Bird Slayer I agree with your post, unless you know someone on a cwmu, the public hunter is just a hunter that you need to get out of the way. Cwmu's are great in alot of aspects, but I still dont like that they can encompass public land and use it as theirs. I know there is alot of "Truths" out there.


----------



## bullsnot (Aug 10, 2010)

IMHO I believe the beauty in hunting a CWMU or an LE unit is in the eye of the beholder. I tagged along on a CWMU hunt once and the property owner picked us up at the gates and drove us to a particular canyon and told us not to leave it. Along the way we passed up several deer and he wouldn't even allow us to stop and look at them. He told us he'd be back at an hour before dark to pick us up and take us back to the gates.

I'm sure not all CWMU's aren't like that but be sure to contact the porperty manager prior to putting them on your application.
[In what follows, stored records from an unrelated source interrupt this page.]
(* Suppose that, for a given $\lambda >0$, $f(\lambda)$ is $\rho$-accurate, i.e. $|f(\lambda)|\le \rho$, and define \[ C(\{ S_k^\lambda \} _{k = 0}^{N - 1} ) - \gamma = :a \in (-\rho,\rho). \] Then, for the corresponding tuple $\{\lambda, S_k^\lambda,P_k^\lambda,F_k^\lambda\} _{k = 0}^{N - 1}$, $\{S_k^\lambda,F_k^\lambda\} _{k = 0}^{N - 1}$ is an optimal solution of the covariance selection problem with $\gamma$ replaced with $\gamma+ a \in (\gamma- \rho,\gamma + \rho)$.
   Context: Consider the stochastic LTI system $x(k+1)=Ax(k)+Bu(k)+w(k)$ with $x(k)\in\mathbb R^n$, $u(k)\in\mathbb R^m$, $x(0)\sim\mathcal N(z,V)$, $w(k)\sim\mathcal N(0,W)$ mutually independent, and linear feedback $u(k)=F_kx(k)$, $k\in\{0,\dots,N-1\}$. With $S_k=\mathbb E([x(k);u(k)][x(k);u(k)]^T)$, the covariance selection problem is: minimize $J_p(\{S_k\})=\mathrm{Tr}\big(Q_f([A\ B]S_{N-1}[A\ B]^T+W)\big)+\sum_{k=0}^{N-1}\mathrm{Tr}(\mathrm{diag}(Q_k,R_k)S_k)$ over $\{S_k,F_k\}$ subject to $S_k=\Phi(F_k,S_{k-1})$ ($k=1,\dots,N-1$), $S_0=[I_n;F_0](V+zz^T)[I_n;F_0]^T$, and $C(\{S_k\})\le\gamma$, where $C(\{S_k\})=\mathrm{Tr}\big(\tilde Q_f([A\ B]S_{N-1}[A\ B]^T+W)\big)+\sum_{k=0}^{N-1}\mathrm{Tr}(\mathrm{diag}(\tilde Q_k,\tilde R_k)S_k)$ and $\Phi(F,S)=[I_n;F]([A\ B]S[A\ B]^T+W)[I_n;F]^T$. Assumptions: $Q_f,\tilde Q_f,Q_k,\tilde Q_k\succeq0$, $R_k+\lambda\tilde R_k\succ0$ for all $k$, $\lambda>0$; $V\succ0$, $W\succ0$; strict feasibility of the inequality constraint. For $\lambda\ge0$, $X_N^\lambda=Q_f+\lambda\tilde Q_f$, $X_k^\lambda=A^TX_{k+1}^\lambda A-A^TX_{k+1}^\lambda B(R_k+\lambda\tilde R_k+B^TX_{k+1}^\lambda B)^{-1}B^TX_{k+1}^\lambda A+Q_k+\lambda\tilde Q_k$, $F_k^\lambda=-(R_k+\lambda\tilde R_k+B^TX_{k+1}^\lambda B)^{-1}B^TX_{k+1}^\lambda A$, $S_0^\lambda=[I;F_0^\lambda](V+zz^T)[I;F_0^\lambda]^T$, $S_k^\lambda=\Phi(F_k^\lambda,S_{k-1}^\lambda)$, $P_k^\lambda=\begin{bmatrix}Q_k+\lambda\tilde Q_k+A^TX_{k+1}^\lambda A & A^TX_{k+1}^\lambda B\\ B^TX_{k+1}^\lambda A & R_k+\lambda\tilde R_k+B^TX_{k+1}^\lambda B\end{bmatrix}$, and $f(\lambda)=C(\{S_k^\lambda\}_{k=0}^{N-1})-\gamma$. It was shown that for any $\lambda>0$ with $C(\{S_k^\lambda\})$ equal to the constraint level, $\{(S_k^\lambda,F_k^\lambda)\}$ is optimal for the problem with that constraint level. The setting is that $\lambda$ is obtained approximately by a bisection search on $f$, so $f(\lambda)=0$ holds only up to finite precision. *)

From HB Require Import structures.
From mathcomp Require Import all_boot all_order all_algebra.
Set Implicit Arguments. Unset Strict Implicit. Unset Printing Implicit Defensive.
Import Order.TTheory GRing.Theory Num.Theory.
Local Open Scope ring_scope.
In contacting them you may find a property that is ran in a way that is condusive to the way you wish to hunt and they may share with you what type of animals are roaming around the property. Remember their contact info is in the guidebook. Be sure to contact them prior to applying.

For me an LE unit is much more appealing but harder to draw generally.

On another note I consider myself a man of principle but I could really care less what the intention was behind creating the CWMU (PHU) program. All I care about is what does the program accomplish? To me it gives the public opportunities to hunt private grounds and there is nothing bad about that.


----------



## Blanding_Boy (Nov 21, 2007)

Big--

No forgiveness needed, everyone is entitled to their opinion just state it as that not the gospel.

Sorry Garth was not the 'author' or one who started the program. While he was likely involved because of depredation issues in the area he was with the UDWR at the time it was much bigger than Garth and involved many more people with the UDWR, landowners, USU Extension and the public. It was started as a pilot program in 1990 modeled after Colorado's Ranching for Wildlife Program, when the Utah Board enacted a 3 year experimental PHU. Under this agreement the landowner COULD receive monetary incentives to continue to include big game in their farm and ranch management plans. In 1993, things were modified and actual legislation was passed to make it an official program.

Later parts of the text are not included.